Try it: Every line in the data below from the one containing "Lemma forces_iren A" down to the one containing "intros s rho rho' w Hs; cbn.", both included, must be retyped exactly; no other line is to appear.

Data items:
....
(* The predicate modal logic $\mathsf{QGrz}+\Box\exists x P(x)\to\Diamond\exists x\Box P(x)$ is not a modal companion of $\mathsf{IQC}$; i.e., there is a formula $\varphi$ of intuitionistic predicate logic with $\mathsf{IQC}\nvdash\varphi$ but $\mathsf{QGrz}+\Box\exists x P(x)\to\Diamond\exists x\Box P(x)\vdash\varphi^t$.
   Context: $\mathsf{IQC}$ is intuitionistic predicate calculus. $\mathsf{QS4}$ is the predicate extension of the modal logic $\mathsf{S4}$, and $\mathsf{QGrz}$ is $\mathsf{QS4}$ plus the Grzegorczyk axiom $\Box(\Box(p\to\Box p)\to p)\to p$ (with $p$ ranging over formulas). $\Diamond=\neg\Box\neg$. The Gödel translation $(-)^t$ of intuitionistic predicate formulas into modal predicate formulas is given by $\bot^t=\bot$, $P(\bar x)^t=\Box P(\bar x)$, $(\varphi\wedge\psi)^t=\varphi^t\wedge\psi^t$, $(\varphi\vee\psi)^t=\varphi^t\vee\psi^t$, $(\varphi\to\psi)^t=\Box(\neg\varphi^t\vee\psi^t)$, $(\forall x\varphi)^t=\Box\forall x\varphi^t$, $(\exists x\varphi)^t=\exists x\varphi^t$. A modal predicate logic $\mathsf{M}$ is a modal companion of $\mathsf{IQC}$ if for every formula $\varphi$, $\mathsf{IQC}\vdash\varphi$ iff $\mathsf{M}\vdash\varphi^t$. *)

(* Individual variables are de Bruijn indices (nat); there are no function
   symbols, constants or equality. *)
From Stdlib Require Import List.
Import ListNotations.

Inductive iform : Type :=
| IBot : iform
| IPred : nat -> list nat -> iform
| IAnd : iform -> iform -> iform
| IOr : iform -> iform -> iform
| IImp : iform -> iform -> iform
| IAll : iform -> iform     (* binds de Bruijn index 0 *)
| IEx : iform -> iform.

Inductive mform : Type :=
| MBot : mform
| MPred : nat -> list nat -> mform
| MAnd : mform -> mform -> mform
| MOr : mform -> mform -> mform
| MImp : mform -> mform -> mform
| MBox : mform -> mform
| MAll : mform -> mform
| MEx : mform -> mform.

Definition MNeg (A : mform) : mform := MImp A MBot.
Definition MDia (A : mform) : mform := MNeg (MBox (MNeg A)).
Definition INeg (A : iform) : iform := IImp A IBot.

Definition up (s : nat -> nat) : nat -> nat :=
  fun n => match n with 0 => 0 | S k => S (s k) end.

Fixpoint iren (s : nat -> nat) (A : iform) : iform :=
  match A with
  | IBot => IBot
  | IPred p xs => IPred p (map s xs)
  | IAnd B C => IAnd (iren s B) (iren s C)
  | IOr B C => IOr (iren s B) (iren s C)
  | IImp B C => IImp (iren s B) (iren s C)
  | IAll B => IAll (iren (up s) B)
  | IEx B => IEx (iren (up s) B)
  end.

Fixpoint mren (s : nat -> nat) (A : mform) : mform :=
  match A with
  | MBot => MBot
  | MPred p xs => MPred p (map s xs)
  | MAnd B C => MAnd (mren s B) (mren s C)
  | MOr B C => MOr (mren s B) (mren s C)
  | MImp B C => MImp (mren s B) (mren s C)
  | MBox B => MBox (mren s B)
  | MAll B => MAll (mren (up s) B)
  | MEx B => MEx (mren (up s) B)
  end.

(* instantiate the variable 0 by the variable t (other free variables shift down) *)
Definition inst (t : nat) : nat -> nat :=
  fun n => match n with 0 => t | S k => k end.

Definition ishift (A : iform) : iform := iren S A.
Definition mshift (A : mform) : mform := mren S A.

Inductive IQC_prov : iform -> Prop :=
| i_K A B : IQC_prov (IImp A (IImp B A))
| i_S A B C : IQC_prov (IImp (IImp A (IImp B C)) (IImp (IImp A B) (IImp A C)))
| i_andE1 A B : IQC_prov (IImp (IAnd A B) A)
| i_andE2 A B : IQC_prov (IImp (IAnd A B) B)
| i_andI A B : IQC_prov (IImp A (IImp B (IAnd A B)))
| i_orI1 A B : IQC_prov (IImp A (IOr A B))
| i_orI2 A B : IQC_prov (IImp B (IOr A B))
| i_orE A B C : IQC_prov (IImp (IImp A C) (IImp (IImp B C) (IImp (IOr A B) C)))
| i_efq A : IQC_prov (IImp IBot A)
| i_allE A t : IQC_prov (IImp (IAll A) (iren (inst t) A))
| i_exI A t : IQC_prov (IImp (iren (inst t) A) (IEx A))
| i_mp A B : IQC_prov (IImp A B) -> IQC_prov A -> IQC_prov B
| i_allR A B : IQC_prov (IImp (ishift B) A) -> IQC_prov (IImp B (IAll A))
| i_exR A B : IQC_prov (IImp A (ishift B)) -> IQC_prov (IImp (IEx A) B).

(* ---------- QS4 (classical predicate logic + S4, no Barcan formula) ---------- *)
Inductive QS4_axiom : mform -> Prop :=
| m_K A B : QS4_axiom (MImp A (MImp B A))
| m_S A B C : QS4_axiom (MImp (MImp A (MImp B C)) (MImp (MImp A B) (MImp A C)))
| m_andE1 A B : QS4_axiom (MImp (MAnd A B) A)
| m_andE2 A B : QS4_axiom (MImp (MAnd A B) B)
| m_andI A B : QS4_axiom (MImp A (MImp B (MAnd A B)))
| m_orI1 A B : QS4_axiom (MImp A (MOr A B))
| m_orI2 A B : QS4_axiom (MImp B (MOr A B))
| m_orE A B C : QS4_axiom (MImp (MImp A C) (MImp (MImp B C) (MImp (MOr A B) C)))
| m_efq A : QS4_axiom (MImp MBot A)
| m_dne A : QS4_axiom (MImp (MNeg (MNeg A)) A)
| m_allE A t : QS4_axiom (MImp (MAll A) (mren (inst t) A))
| m_exI A t : QS4_axiom (MImp (mren (inst t) A) (MEx A))
| m_boxK A B : QS4_axiom (MImp (MBox (MImp A B)) (MImp (MBox A) (MBox B)))
| m_boxT A : QS4_axiom (MImp (MBox A) A)
| m_box4 A : QS4_axiom (MImp (MBox A) (MBox (MBox A))).

Definition Grz (A : mform) : mform :=
  MImp (MBox (MImp (MBox (MImp A (MBox A))) A)) A.

(* the extra axiom  Box Ex x P(x) -> Dia Ex x Box P(x), as a schema
   (all substitution instances: P(x) replaced by any formula A, where x is
   de Bruijn index 0 and A may contain further free variables) *)
Definition extra_axiom (A : mform) : mform :=
  MImp (MBox (MEx A)) (MDia (MEx (MBox A))).

Inductive QGrzE_prov : mform -> Prop :=
| q_ax A : QS4_axiom A -> QGrzE_prov A
| q_grz A : QGrzE_prov (Grz A)
| q_extra A : QGrzE_prov (extra_axiom A)
| q_mp A B : QGrzE_prov (MImp A B) -> QGrzE_prov A -> QGrzE_prov B
| q_nec A : QGrzE_prov A -> QGrzE_prov (MBox A)
| q_allR A B : QGrzE_prov (MImp (mshift B) A) -> QGrzE_prov (MImp B (MAll A))
| q_exR A B : QGrzE_prov (MImp A (mshift B)) -> QGrzE_prov (MImp (MEx A) B).

Fixpoint goedel (A : iform) : mform :=
  match A with
  | IBot => MBot
  | IPred p xs => MBox (MPred p xs)
  | IAnd B C => MAnd (goedel B) (goedel C)
  | IOr B C => MOr (goedel B) (goedel C)
  | IImp B C => MBox (MOr (MNeg (goedel B)) (goedel C))
  | IAll B => MBox (MAll (goedel B))
  | IEx B => MEx (goedel B)
  end.

(* The counterexample is the double negation of the drinker principle,
   ~~ Ex x (P x -> All y P y).  It fails in the intuitionistic Kripke model on
   (nat, <=) with constant domain nat where P(d) holds at w iff d < w: every
   individual eventually satisfies P while All y P y never holds, so no world
   forces the existential.  Its Goedel translation is nevertheless derivable:
   the classical drinker principle for Box P gives
   Box Ex x (~ Box P x \/ All y Box P y), the extra axiom turns this into
   Dia Ex x Box (~ Box P x \/ All y Box P y), and in S4 a body
   Box (~ Box P x \/ C) implies Box (~ Box P x \/ Box C), which is the
   translation of P x -> All y P y. *)

From Stdlib Require Import List Lia.
Import ListNotations.

Definition scons {D : Type} (d : D) (rho : nat -> D) : nat -> D :=
  fun n => match n with 0 => d | S k => rho k end.

Section Kripke.

Variables (W Dom : Type) (R : W -> W -> Prop) (val : W -> nat -> list Dom -> Prop).
Hypothesis R_refl : forall w, R w w.
Hypothesis R_trans : forall u v w, R u v -> R v w -> R u w.
Hypothesis val_mono : forall w w' p ds, R w w' -> val w p ds -> val w' p ds.

Fixpoint forces (w : W) (rho : nat -> Dom) (A : iform) : Prop :=
  match A with
  | IBot => False
  | IPred p xs => val w p (map rho xs)
  | IAnd B C => forces w rho B /\ forces w rho C
  | IOr B C => forces w rho B \/ forces w rho C
  | IImp B C => forall w', R w w' -> forces w' rho B -> forces w' rho C
  | IAll B => forall w', R w w' -> forall d, forces w' (scons d rho) B
  | IEx B => exists d, forces w (scons d rho) B
  end.

Lemma forces_mono A : forall rho w w', R w w' -> forces w rho A -> forces w' rho A.
Proof.
  induction A; cbn; intros rho w w' Hw H.
  - exact H.
  - eapply val_mono; eassumption.
  - destruct H; split; eauto.
  - destruct H; [left | right]; eauto.
  - intros w2 H2; apply H; eauto.
  - intros w2 H2; apply H; eauto.
  - destruct H as [d Hd]; exists d; eauto.
Qed.

Lemma forces_iren A : forall s rho rho' w, (forall n, rho' n = rho (s n)) ->
  (forces w rho (iren s A) <-> forces w rho' A).
Proof.
  induction A as [| p xs | B IHB C IHC | B IHB C IHC | B IHB C IHC | B IHB | B IHB];
    intros s rho rho' w Hs; cbn.
  - reflexivity.
  - rewrite map_map, (map_ext _ _ (fun n => eq_sym (Hs n))). reflexivity.
  - rewrite (IHB s rho rho' w Hs), (IHC s rho rho' w Hs). reflexivity.
  - rewrite (IHB s rho rho' w Hs), (IHC s rho rho' w Hs). reflexivity.
  - split; intros H w' Hw HB; apply (IHC s rho rho' w' Hs); apply H; auto;
      apply (IHB s rho rho' w' Hs); exact HB.
  - assert (Hup : forall d n, scons d rho' n = scons d rho (up s n))
      by (intros d [|n]; cbn; auto).
    split; intros H w' Hw d; apply (IHB (up s) (scons d rho) (scons d rho') w' (Hup d));
      auto.
  - assert (Hup : forall d n, scons d rho' n = scons d rho (up s n))
      by (intros d [|n]; cbn; auto).
    split; intros [d H]; exists d; apply (IHB (up s) (scons d rho) (scons d rho') w (Hup d));
      exact H.
Qed.

Lemma forces_inst A t w rho :
  forces w rho (iren (inst t) A) <-> forces w (scons (rho t) rho) A.
Proof. apply forces_iren. intros [|n]; reflexivity. Qed.

Lemma forces_ishift A d w rho : forces w (scons d rho) (ishift A) <-> forces w rho A.
Proof. apply forces_iren. reflexivity. Qed.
....
Solution to the problem:
Lemma forces_iren A : forall s rho rho' w, (forall n, rho' n = rho (s n)) ->
  (forces w rho (iren s A) <-> forces w rho' A).
Proof.
  induction A as [| p xs | B IHB C IHC | B IHB C IHC | B IHB C IHC | B IHB | B IHB];
    intros s rho rho' w Hs; cbn.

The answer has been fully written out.